Finite extensions of nilpotent groups 
Let $G$ be a torsion free, nilpotent group and let $H$ be a normal subgroup of $G$ such that $G/H$ is a finite cyclic factor group. It is true that if $H$ is nilpotent of class $c$ then also $G$ has nilpotent class $c$? 

How about the proof? Any suggestions?
 A: I think that if $G$ is a torsion free nilpotent group of class $c$ and $G/H$ is any finite factor group, then $H$ must also have class $c$.
Suppose $G$ is generated by a set $X$, and let $X^n = \{x^n : x \in X\}$, where $|G/H|=n$. Then $X^n \subset H$, so it's enough to show that $K = \langle X^n\rangle$ has class $c$.
Let $G = \gamma^1(G) > \gamma^2(G) > \cdots$ be the lower central series of $G$.
I claim that, for any $k \ge 1$, $\gamma^k(G)^{n^k}\gamma^{k+1}(G)/\gamma^{k+1}(G) \le \gamma^k(K)\gamma^{k+1}(G)/\gamma^{k+1}(G)$. Since $G$ and hence $\gamma^c(G)$ are torsion free, that will prove that $\gamma^c(K)$ is nontrivial, and hence that $K$ has class $c$.
We prove the claim by induction on $k$. The case $k=1$ is clear from the definition of $K$, so assume the result is true for $k-1$ and we will prove it for $k$. Now $\gamma^k(G)/\gamma^{k+1}(G)$ is generated by elements $[x,y]$ with $x \in X$ and $y$ in a generating set of $\gamma^{k-1}(G)$, so  $\gamma^k(G)^{n^k}\gamma^{k+1}(G)/\gamma^{k+1}(G)$ is generated by the images of $[x,y]^{n^k} = [x^n,y^{n^{k-1}}]$ (mod $\gamma^{k+1}(G)$).
But, by the inductive hypothesis, the elements $y^{n^{k-1}}$ (mod $\gamma^k(G)$) lie in $\gamma^{k-1}(K)$, and $x^n \in K$, so we get the claim for $k$.

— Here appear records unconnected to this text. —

(* Young's inequality, with the weight matched to the Poincare constant. *)
Lemma source_term_le (phi : nat -> R) :
  sum_lt n (fun k => h * v (S k) * phi (S k))
  <= c1 / h * SD + (INR (S n) * h) ^ 2 / (16 * c1) * sum_lt n (fun k => phi (S k) * phi (S k) * h).
Proof.
  set (NN := INR (S n)).
  assert (HNN : 0 < NN) by (apply lt_0_INR; lia).
  assert (HNh : 0 < (NN * h) ^ 2 / 4)
    by (apply Rdiv_lt_0_compat; [apply pow_lt, Rmult_lt_0_compat |]; lra).
  set (kap := c1 / ((NN * h) ^ 2 / 4)).
  assert (Hkap : 0 < kap) by (unfold kap; apply Rdiv_lt_0_compat; lra).
  apply Rle_trans with (kap * h * sum_lt n (fun k => v (S k) ^ 2)
                        + (NN * h) ^ 2 / (16 * c1) * sum_lt n (fun k => phi (S k) * phi (S k) * h)).
  - rewrite <- !sum_lt_scal, <- sum_lt_plus. apply sum_lt_le; intros k _.
    assert (HY := young_le kap (v (S k)) (phi (S k)) Hkap).
    replace ((NN * h) ^ 2 / (16 * c1)) with (/ (4 * kap)) by (unfold kap; field; lra).
    replace (h * v (S k) * phi (S k)) with (h * (v (S k) * phi (S k))) by ring.
    replace (kap * h * v (S k) ^ 2 + / (4 * kap) * (phi (S k) * phi (S k) * h))
      with (h * (kap * v (S k) ^ 2 + phi (S k) ^ 2 / (4 * kap))) by (field; lra).
    apply Rmult_le_compat_l; lra.
  - apply Rplus_le_compat_r.
    replace (c1 / h * SD) with (kap * h * (NN ^ 2 / 4 * SD)) by (unfold kap; field; lra).
    apply Rmult_le_compat_l; [nra|]. apply discrete_poincare; auto.
Qed.

Lemma spatial_energy_le (phi : nat -> R) :
  sum_lt n (fun k => h * v (S k) * (spatial_op h a dd v (S k) + phi (S k)))
  <= (INR (S n) * h) ^ 2 / (16 * c1) * sum_lt n (fun k => phi (S k) * phi (S k) * h).
Proof.
  rewrite (sum_lt_ext n _ (fun k => h * v (S k) * spatial_op h a dd v (S k) + h * v (S k) * phi (S k)))
    by (intros; ring).
  rewrite sum_lt_plus.
  assert (H1 := spatial_op_dissipative). assert (H2 := source_term_le phi). lra.
Qed.

End SpatialEnergy.

(** * Stability of the scheme *)

Lemma maxR_ge M (g : nat -> R) j : (1 <= j <= M)%nat -> g j <= maxR M g.
Proof.
  intros H. unfold maxR. assert (Hin : In j (seq 1 M)) by (apply in_seq; lia).
  induction (seq 1 M) as [|x s IH]; [destruct Hin|].
  simpl. destruct Hin as [->|Hin]; [apply Rmax_l|].
  apply Rle_trans with (fold_right Rmax 0 (map g s)); [auto | apply Rmax_r].
Qed.

Lemma maxR_nonneg M (g : nat -> R) : 0 <= maxR M g.
Proof.
  unfold maxR. induction (seq 1 M) as [|x s IH]; simpl; [lra|].
  apply Rle_trans with (fold_right Rmax 0 (map g s)); [auto | apply Rmax_r].
Qed.

Lemma norm0sq_eq N h v : norm0sq N h v = sum_lt (N - 1) (fun k => v (S k) * v (S k) * h).
Proof. apply sumR_1. Qed.

Lemma diff_conv_ext C j g g' : (forall r, g r = g' r) -> diff_conv C j g = diff_conv C j g'.
Proof. intros H. unfold diff_conv. apply sum_eq; intros r _. rewrite !H. reflexivity. Qed.

Lemma diff_conv_sum_lt C j n (G : nat -> nat -> R) :
  diff_conv C j (fun r => sum_lt n (G r)) = sum_lt n (fun k => diff_conv C j (fun r => G r k)).
Proof.
  unfold diff_conv. rewrite sum_lt_sum_f_R0_comm. apply sum_eq; intros r _.
  rewrite <- sum_lt_minus, <- sum_lt_scal. reflexivity.
Qed.

Lemma frac_deriv_diff_conv alpha sigma tau y j i :
  frac_deriv alpha sigma tau y j i =
  Rpower tau (1 - alpha) / Gamma (2 - alpha) / tau * diff_conv (c_coef alpha sigma j) j (fun r => y r i).
Proof.
  unfold frac_deriv, diff_conv.
  replace (Rpower tau (1 - alpha) / Gamma (2 - alpha) / tau) with
    (Rpower tau (1 - alpha) / Gamma (2 - alpha) * / tau) by reflexivity.
  rewrite Rmult_assoc. f_equal. rewrite scal_sum. apply sum_eq; intros; unfold Rdiv; ring.
Qed.

Lemma level_energy_le (C : nat -> R) (j n : nat) (K h s : R) (y : nat -> nat -> R) (rhs : nat -> R) :
  0 < K -> 0 < h ->
  (forall k, (k < j)%nat -> C (S k) <= C k) -> 0 <= C j ->
  (1 - s) ^ 2 * C 0%nat <= s ^ 2 * (C 0%nat - trunc C j 1) ->
  (forall i, (1 <= i <= n)%nat -> K * diff_conv C j (fun r => y r i) = rhs i) ->
  K / 2 * diff_conv C j (fun r => sum_lt n (fun k => y r (S k) * y r (S k) * h))
  <= sum_lt n (fun k => h * (s * y (S j) (S k) + (1 - s) * y j (S k)) * rhs (S k)).
Proof.
  intros HK Hh Hmon Hlast Hs Hrhs.
  rewrite diff_conv_sum_lt, <- sum_lt_scal. apply sum_lt_le; intros k Hk.
  rewrite <- (Hrhs (S k)) by lia.
  rewrite (diff_conv_ext C j _ (fun r => h * (y r (S k) * y r (S k)))) by (intros; ring).
  replace (diff_conv C j (fun r => h * (y r (S k) * y r (S k))))
    with (h * diff_conv C j (fun r => y r (S k) * y r (S k))).
  2:{ unfold diff_conv. rewrite scal_sum. apply sum_eq; intros; ring. }
  assert (H := diff_conv_sq_le C j Hmon Hlast s (fun r => y r (S k)) Hs).
  assert (0 < K * h) by (apply Rmult_lt_0_compat; lra).
  replace (K / 2 * (h * diff_conv C j (fun r => y r (S k) * y r (S k))))
    with (K * h * (/ 2 * diff_conv C j (fun r => y r (S k) * y r (S k)))) by (unfold Rdiv; ring).
  replace (h * (s * y (S j) (S k) + (1 - s) * y j (S k)) * (K * diff_conv C j (fun r => y r (S k))))
    with (K * h * ((s * y (S j) (S k) + (1 - s) * y j (S k)) * diff_conv C j (fun r => y r (S k))))
    by ring.
  apply Rmult_le_compat_l; lra.
Qed.

Lemma c_coef_last_nonneg al j : 0 < al < 1 -> 0 <= c_coef al (sg al) j j.
Proof.
  intros Hal. eapply Rle_trans; [|apply c_coef_last_ge; auto].
  unfold dw. apply Rmult_le_pos; [lra | left; apply Rpower_pos].
Qed.

Lemma l1_scale_pos alpha tau : 0 < alpha < 1 -> 0 < tau ->
  0 < Rpower tau (1 - alpha) / Gamma (2 - alpha) / tau.
Proof.
  intros Hal Htau. assert (0 < Gamma (2 - alpha)) by (apply Gamma_pos; lra).
  assert (0 < Rpower tau (1 - alpha)) by apply Rpower_pos.
  repeat apply Rdiv_lt_0_compat; lra.
Qed.

Lemma scheme_level_le (alpha c1 h tau : R) (N j : nat) (a d phi : nat -> R) (y : nat -> nat -> R) :
  0 < alpha < 1 -> 0 < c1 -> 0 < h -> 0 < tau -> (1 <= N)%nat ->
  (forall i, (1 <= i <= N)%nat -> c1 <= a i) ->
  (forall i, (1 <= i <= N - 1)%nat -> 0 <= d i) ->
  y j 0%nat = 0 -> y j N = 0 -> y (S j) 0%nat = 0 -> y (S j) N = 0 ->
  let sigma := 1 - alpha / 2 in
  let ysig := fun i => sigma * y (S j) i + (1 - sigma) * y j i in
  (forall i, (1 <= i <= N - 1)%nat ->
     frac_deriv alpha sigma tau y j i = spatial_op h a d ysig i + phi i) ->
  diff_conv (c_coef alpha sigma j) j (fun r => norm0sq N h (y r))
  <= (INR N * h) ^ 2 / (16 * c1) * norm0sq N h phi
     / (Rpower tau (1 - alpha) / Gamma (2 - alpha) / tau / 2).
Proof.
  intros Hal Hc1 Hh Htau HN Ha Hd Hy0 HyN Hy0' HyN' sigma ysig Hsch.
  destruct N as [|n]; [lia|]. simpl in Hd, Hsch. rewrite Nat.sub_0_r in Hd, Hsch.
  set (K := Rpower tau (1 - alpha) / Gamma (2 - alpha) / tau).
  assert (HK : 0 < K) by (apply l1_scale_pos; auto).
  apply Rmult_le_reg_l with (K / 2); [lra|].
  replace (K / 2 * ((INR (S n) * h) ^ 2 / (16 * c1) * norm0sq (S n) h phi / (K / 2)))
    with ((INR (S n) * h) ^ 2 / (16 * c1) * norm0sq (S n) h phi) by (field; lra).
  rewrite (diff_conv_ext _ _ _ (fun r => sum_lt n (fun k => y r (S k) * y r (S k) * h)))
    by (intros; rewrite norm0sq_eq; simpl; rewrite Nat.sub_0_r; reflexivity).
  rewrite norm0sq_eq. simpl (S n - 1)%nat. rewrite Nat.sub_0_r.
  eapply Rle_trans.
  - apply (level_energy_le _ j n K h sigma y (fun i => spatial_op h a d ysig i + phi i)); auto.
    + apply c_coef_nonincr; auto.
    + apply c_coef_last_nonneg; auto.
    + apply c_coef_sigma_cond; auto.
    + intros i Hi. unfold K. rewrite <- frac_deriv_diff_conv. apply Hsch; auto.
  - apply (spatial_energy_le n h c1 a d ysig); auto.
    + unfold ysig. rewrite Hy0, Hy0'. ring.
    + unfold ysig. rewrite HyN, HyN'. ring.
Qed.

Lemma INR_le_pred j M : (1 <= M)%nat -> (j <= M - 1)%nat -> INR j <= INR M - 1.
Proof.
  intros HM Hj. replace (INR M - 1) with (INR (M - 1)) by (rewrite minus_INR by lia; reflexivity).
  apply le_INR; lia.
Qed.

Lemma c_coef_stability al (M : nat) (g : nat -> R) (B : R) :
  0 < al < 1 -> (1 <= M)%nat -> 0 <= B ->
  (forall j, (j <= M - 1)%nat -> diff_conv (c_coef al (sg al) j) j g <= B) ->
  forall j, (j <= M - 1)%nat -> g (S j) <= g 0%nat + B / dw al (INR M).
Proof.
  intros Hal HM HB Hlevel. apply (diff_conv_stability (c_coef al (sg al))); auto.
  - unfold dw. apply Rmult_lt_0_compat; [lra | apply Rpower_pos].
  - intros; apply c_coef_nonincr; auto.
  - intros j Hj. eapply Rle_trans; [|apply c_coef_last_ge; auto].
    apply dw_antimono; auto. assert (0 <= INR j) by apply pos_INR.
    assert (INR j <= INR M - 1) by (apply INR_le_pred; lia). unfold sg. lra.
Qed.

Lemma rect_grid_point l T (N M : nat) (x s : R) :
  0 < l -> 0 < T -> (1 <= N)%nat -> (1 <= M)%nat -> 0 <= x <= INR N -> 0 <= s <= INR M ->
  rect l T (x * (l / INR N), s * (T / INR M)).
Proof.
  intros Hl HT HN HM Hx Hs.
  assert (range : forall (L : R) (n : nat) (x : R),
    0 < L -> (1 <= n)%nat -> 0 <= x <= INR n -> 0 <= x * (L / INR n) <= L).
  { intros L n z HL Hn Hz. assert (0 < INR n) by (apply lt_0_INR; lia).
    assert (0 < L / INR n) by (apply Rdiv_lt_0_compat; lra).
    assert (z * (L / INR n) <= INR n * (L / INR n)) by (apply Rmult_le_compat_r; lra).
    replace (INR n * (L / INR n)) with L in * by (field; lra).
    split; [apply Rmult_le_pos |]; lra. }
  split; apply range; auto.
Qed.

Lemma stability_constant_le alpha l T c1 (M : nat) F :
  0 < alpha < 1 -> 0 < T -> (1 <= M)%nat -> 0 < c1 -> 0 <= F ->
  l ^ 2 / (16 * c1) * F / (Rpower (T / INR M) (1 - alpha) / Gamma (2 - alpha) / (T / INR M) / 2)
    / dw alpha (INR M)
  <= l ^ 2 * Rpower T alpha * Gamma (1 - alpha) / (4 * c1) * F.
Proof.
  intros Hal HT HM Hc1 HF.
  assert (HMp : 0 < INR M) by (apply lt_0_INR; lia).
  set (tau := T / INR M). assert (Htau : 0 < tau) by (unfold tau; apply Rdiv_lt_0_compat; lra).
  assert (HG2 : 0 < Gamma (2 - alpha)) by (apply Gamma_pos; lra).
  assert (HG2le := Gamma_2_sub_le_1 alpha Hal).
  assert (HG1 := Gamma_1_sub_ge alpha Hal).
  assert (HRT : 0 < Rpower T alpha) by apply Rpower_pos.
  assert (Eprod : Rpower tau (1 - alpha) / tau * Rpower (INR M) (- alpha) = / Rpower T alpha).
  { assert (Ew := w_eq alpha tau Htau). unfold w in Ew. rewrite Ew.
    replace (tau * Rpower tau (- alpha) / tau * Rpower (INR M) (- alpha))
      with (Rpower tau (- alpha) * Rpower (INR M) (- alpha)) by (field; lra).
    rewrite Rpower_mult_distr by lra. replace (tau * INR M) with T by (unfold tau; field; lra).
    apply Rpower_Ropp. }
  replace (l ^ 2 / (16 * c1) * F / (Rpower tau (1 - alpha) / Gamma (2 - alpha) / tau / 2)
           / dw alpha (INR M))
    with (l ^ 2 * F * Gamma (2 - alpha) / (8 * c1 * (1 - alpha))
          / (Rpower tau (1 - alpha) / tau * Rpower (INR M) (- alpha))).
  2:{ unfold dw. assert (0 < Rpower tau (1 - alpha)) by apply Rpower_pos.
      assert (0 < Rpower (INR M) (- alpha)) by apply Rpower_pos. field. repeat split; lra. }
  rewrite Eprod.
  replace (l ^ 2 * F * Gamma (2 - alpha) / (8 * c1 * (1 - alpha)) / / Rpower T alpha)
    with (l ^ 2 * Rpower T alpha / (4 * c1) * F * (Gamma (2 - alpha) / (2 * (1 - alpha))))
    by (field; repeat split; lra).
  replace (l ^ 2 * Rpower T alpha * Gamma (1 - alpha) / (4 * c1) * F)
    with (l ^ 2 * Rpower T alpha / (4 * c1) * F * Gamma (1 - alpha)) by (field; lra).
  apply Rmult_le_compat_l.
  - apply Rmult_le_pos; [|lra]. apply Rdiv_le_0_compat; [|lra]. apply Rmult_le_pos; [nra | lra].
  - apply Rle_trans with (1 / (2 * (1 - alpha))); [|lra].
    apply Rmult_le_compat_r; [left; apply Rinv_0_lt_compat|]; lra.
Qed.

Theorem theorem3
  (alpha l T c1 : R) (N M : nat)
  (k q f : R -> R -> R) (u0 : R -> R) (y : nat -> nat -> R) :
  0 < alpha < 1 -> 0 < l -> 0 < T -> (1 <= N)%nat -> (1 <= M)%nat ->
  0 < c1 ->
  cont_on_rect l T k -> cont_on_rect l T q -> cont_on_rect l T f ->
  (forall x t, rect l T (x, t) -> c1 <= k x t) ->
  (forall x t, rect l T (x, t) -> 0 <= q x t) ->
  let sigma := 1 - alpha / 2 in
  let h := l / INR N in
  let tau := T / INR M in
  let tsig := fun j : nat => (INR j + sigma) * tau in
  let a := fun j i : nat => k ((INR i - 1 / 2) * h) (tsig j) in   (* a_i^{j+1} *)
  let d := fun j i : nat => q (INR i * h) (tsig j) in             (* d_i^{j+1} *)
  let phi := fun j i : nat => f (INR i * h) (tsig j) in           (* phi_i^{j+1} *)
  let ysig := fun j i : nat => sigma * y (S j) i + (1 - sigma) * y j i in
  let Lam := fun j i : nat =>
    (a j (S i) * ysig j (S i) - (a j (S i) + a j i) * ysig j i + a j i * ysig j (i - 1)%nat)
      / (h * h) - d j i * ysig j i in
  (forall j i, (j <= M - 1)%nat -> (1 <= i <= N - 1)%nat ->
     frac_deriv alpha sigma tau y j i = Lam j i + phi j i) ->
  (forall j, (j <= M)%nat -> y j 0%nat = 0 /\ y j N = 0) ->
  (forall i, (1 <= i <= N - 1)%nat -> y 0%nat i = u0 (INR i * h)) ->
  forall j, (j <= M - 1)%nat ->
    norm0sq N h (y (S j)) <=
    norm0sq N h (y 0%nat)
    + l ^ 2 * Rpower T alpha * Gamma (1 - alpha) / (4 * c1)
      * maxR M (fun jj => norm0sq N h (phi (jj - 1)%nat)).
Proof.
  (* continuity of the data and the initial values play no role in the estimate *)
  intros Hal Hl HT HN HM Hc1 _ _ _ Hk Hq sigma h tau tsig a d phi ysig Lam Hsch Hbd _ j Hj.
  assert (Hh : 0 < h) by (apply Rdiv_lt_0_compat; [lra | apply lt_0_INR; lia]).
  assert (Htau : 0 < tau) by (apply Rdiv_lt_0_compat; [lra | apply lt_0_INR; lia]).
  set (K := Rpower tau (1 - alpha) / Gamma (2 - alpha) / tau / 2).
  assert (HK : 0 < K) by (apply Rdiv_lt_0_compat; [apply l1_scale_pos |]; lra).
  set (F := maxR M (fun jj => norm0sq N h (phi (jj - 1)%nat))).
  assert (HF : 0 <= F) by apply maxR_nonneg.
  eapply Rle_trans.
  - apply (c_coef_stability alpha M (fun r => norm0sq N h (y r)) (l ^ 2 / (16 * c1) * F / K)); auto.
    { apply Rdiv_le_0_compat; [apply Rmult_le_pos; [apply Rdiv_le_0_compat; [apply pow2_ge_0|] |] |]; lra. }
    intros jj Hjj. destruct (Hbd jj ltac:(lia)), (Hbd (S jj) ltac:(lia)).
    assert (Hsig : 0 <= INR jj + sigma <= INR M).
    { assert (0 <= INR jj) by apply pos_INR. assert (INR jj <= INR M - 1) by (apply INR_le_pred; lia).
      unfold sigma; lra. }
    eapply Rle_trans; [apply (scheme_level_le alpha c1 h tau N jj (a jj) (d jj) (phi jj) y); auto|].
    + intros i Hi. apply Hk, rect_grid_point; auto.
      assert (1 <= INR i <= INR N) by (split; [apply (le_INR 1) | apply le_INR]; lia). lra.
    + intros i Hi. apply Hq, rect_grid_point; auto. split; [apply pos_INR | apply le_INR; lia].
    + replace (INR N * h) with l by (unfold h; field; apply not_0_INR; lia).
      apply Rmult_le_compat_r; [left; apply Rinv_0_lt_compat; lra|].
      apply Rmult_le_compat_l; [apply Rdiv_le_0_compat; [apply pow2_ge_0 | lra]|].
      replace (phi jj) with (phi (S jj - 1)%nat) by (f_equal; lia).
      apply (maxR_ge M (fun jj => norm0sq N h (phi (jj - 1)%nat))); lia.
  - apply Rplus_le_compat_l, stability_constant_le; auto.
Qed.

A: An alternative proof to that of Derek Holt could be the following.
Assume $G$ has class $c$. We want to prove that $H$ has also class $c$. Clearly $H$ has class at most $c$.
There are elements $a_{1}, \dots, a_{c} \in G$ such that
$$
[a_{1}, a_{2}, \dots, a_{c}] \ne 1.
$$
(This a left-normed, say, commutator.)
Suppose $\lvert G / H \rvert = n$. (I am only assuming $G/H$ finite, like Derek does.) Then $a_{i}^{n} \in H$ for each $i$. 
Arguing by contradiction, suppose $H$ has class less than $c$, so that we have
$$
1 = [a_{1}^{n}, a_{2}^{n}, \dots, a_{c}^{n}] 
=
[a_{1}, a_{2}, \dots, a_{c}]^{n^{c}}.
$$
(Here I have used the fact that, since $G$ has class $c$, the function
$$
G \times \dots \times G \to G,
\qquad
(a_{1}, \dots, a_{c}) \mapsto [a_{1}, a_{2}, \dots, a_{c}]
$$
is multiplicative in each argument.)
Since $G$ is torsion-free, we obtain 
$$
[a_{1}, a_{2}, \dots, a_{c}] = 1,
$$
a contradiction.